British Saloon / Touring Car Championship
- Years active: 1985–1986, 1988–1990
- Teams: Industrial Control Services Ltd Hughes of Beaconsfield Kaliber Racing John Maguire Racing ICS plc
- Starts: 8
- Wins: 2
- Poles: 0
- Fastest laps: 0 (1 in class)
- Best finish: 21st in 1985

Championship titles
- 1979 1979: British Formula Ford 1600 BARC Formula Ford 1600

= David Sears (racing driver) =

British racing driver (born 1955)

David John Charles Sears (born 9 December 1955) is a British businessman and former racing driver. He is the son of touring car legend Jack Sears.

==Biography==
The Sears dynasty has been involved in motor racing for nearly 100 years and four generations. David won two British Formula Ford Championships in 1979 and then raced in Formula 3 against Nigel Mansell and Stefan Johansson with much success. Sears was asked to test for Lotus in Formula One but ultimately Nigel Mansell got the drive and Sears switched to racing touring cars for Ford, Toyota and Jaguar in the European Touring Car Championship. He then raced for Toyota in Japan in Group C and Pontiac in the USA. In 1989, Sears raced for Aston Martin in the World Sports Car Championship and Le Mans. In 1990, Sears finished third at Le Mans in a Porsche 962 with Tiff Needell and Anthony Reid.

Sears had started his own racing team in 1987 and in 1992 he stopped racing to concentrate on his racing team and other business activities. His racing teams under David Sears Motorsport and Super Nova have won 16 Championships in 26 years and produced more than 20 Formula One drivers, including Jan Magnussen, Taki Inoue, Ricardo Zonta, Juan Pablo Montoya, Mark Webber and Sebastian Bourdais. Sears has also managed several of these drivers.

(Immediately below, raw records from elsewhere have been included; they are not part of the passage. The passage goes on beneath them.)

(* Let $m\in\mathbb{N}$ and let $V=\sum_{k\in\mathbb{Z}}\widehat V(2k)e^{i2k\pi x}$ be a 1-periodic complex-valued distribution, regarded both as an element of $H_{per}^{-m}$ (with $\widehat V(2k+1)=0$ for all $k$) and of $H_+^{-m}$. Let $S(V)=D^{2m}\dotplus V$ on $L_2(-1,1)$ and $S_{\pm}(V)=D_{\pm}^{2m}\dotplus V$ on $L_2(0,1)$ be the corresponding $m$-sectorial form-sum operators. Then, under the decomposition $L_2(-1,1)=H^0_{per,+}\oplus H^0_{per,-}$ and the identifications $I_\pm:L_2(0,1)=H_\pm^0\to H^0_{per,\pm}$, $$S(V)=S_{+}(V)\oplus S_{-}(V),$$ and consequently $$\mathrm{spec}(S)=\mathrm{spec}(S_{+})\cup\mathrm{spec}(S_{-}),$$ where $\mathrm{spec}$ denotes the discrete spectrum counted with algebraic multiplicities (the union being the union of multisets).
   Context: For $s\in\mathbb{R}$: $H_{per}^{s}$ is the space of 2-periodic series $f=\sum_{k\in\mathbb{Z}}\widehat f(k)e^{ik\pi x}$ on $[-1,1]$ with $\|f\|^2=\sum_k\langle k\rangle^{2s}|\widehat f(k)|^2<\infty$; $H_{+}^{s}$ is the space of series $f=\sum_{k}\widehat f(2k)e^{i2k\pi x}$ on $[0,1]$ with $\sum_k\langle 2k\rangle^{2s}|\widehat f(2k)|^2<\infty$; $H_{-}^{s}$ is the space of series $f=\sum_{k}\widehat f(2k+1)e^{i(2k+1)\pi x}$ on $[0,1]$ with $\sum_k\langle 2k+1\rangle^{2s}|\widehat f(2k+1)|^2<\infty$; $\langle k\rangle=1+|k|$. $H_{per}^0=L_2(-1,1)$, $H_\pm^0=L_2(0,1)$. $H^s_{per,+}=\{f\in H^s_{per}:\widehat f(2k+1)=0\ \forall k\}$, $H^s_{per,-}=\{f\in H^s_{per}:\widehat f(2k)=0\ \forall k\}$, so $H^s_{per}=H^s_{per,+}\oplus H^s_{per,-}$. $I_\pm:H^s_\pm\to H^s_{per,\pm}$ extends an element on $[0,1]$, given by its Fourier series, to the same series on $[-1,1]$; these are isometric isomorphisms. $D=-i\,d/dx$ on $H^1_{per}$ and $D_\pm=-i\,d/dx$ on $H^1_\pm$; $D^{2m}=|D|^{2m}$, $D_\pm^{2m}=|D_\pm|^{2m}$ act as multiplication by $(n\pi)^{2m}$ on the mode $e^{in\pi x}$. Products $V(x)u$ are formal products of Fourier series: $V(x)u=\sum_n(\sum_j\widehat V(n-j)\widehat u(j))e^{in\pi x}$. $S(V)$ is the $m$-sectorial operator on $L_2(-1,1)$ associated with the closed sectorial form $\langle D^{2m}u,v\rangle+\langle Vu,v\rangle$ on $H^m_{per}$ (pairing extending the $L_2(-1,1)$ inner product), with $\mathrm{Dom}(S)=\{u\in H^m_{per}: D^{2m}u+Vu\in L_2(-1,1)\}$, $S(V)u=D^{2m}u+Vu$; $S_\pm(V)$ is the $m$-sectorial operator on $L_2(0,1)$ associated with the form $\langle D_{\pm}^{2m}u,v\rangle_{\pm}+\langle Vu,v\rangle_{\pm}$ on $H_\pm^m$, with $\mathrm{Dom}(S_{\pm})=\{u\in H_{\pm}^{m}\mid D_{\pm}^{2m}u+Vu\in L_{2}(0,1)\}$, $S_\pm(V)u=D_{\pm}^{2m}u+Vu$. The spectra of these operators are discrete; $\mathrm{spec}(A)$ lists the eigenvalues with algebraic multiplicity, ordered lexicographically (by real part, then imaginary part). *)

From Stdlib Require Import Reals ZArith.
From Coquelicot Require Import Coquelicot.
Open Scope R_scope.

(** Elements of the spaces H^s_per, H^s_+, H^s_- are represented by their
    Fourier coefficient sequences [f : Z -> C]:
    - H_per : f n is the coefficient of e^{i n pi x}        (frequency n)
    - H_+   : f k is the coefficient of e^{i 2k pi x}       (frequency 2k)
    - H_-   : f k is the coefficient of e^{i (2k+1) pi x}   (frequency 2k+1) *)

Definition fseq := Z -> C.

Definition freq_per (n : Z) : Z := n.
Definition freq_plus (k : Z) : Z := (2 * k)%Z.
Definition freq_minus (k : Z) : Z := (2 * k + 1)%Z.

Definition jb (k : Z) : R := 1 + Rabs (IZR k).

Sears is the great-grandson of John Sears who founded Sears Holdings, the boot and shoe empire in Northampton. John Sears was the first person to establish chain shops throughout Great Britain. He died aged 46 owning two shoe factories and over 900 freehold shops. With no tax planning and tax at 98% the family lost the business to Charles Clore in one of the biggest corporate takeovers at the time. The remnants of that empire and some of the best prime retail sites in Great Britain are now owned by Philip Green and his company Arcadia for Topshop and BHS.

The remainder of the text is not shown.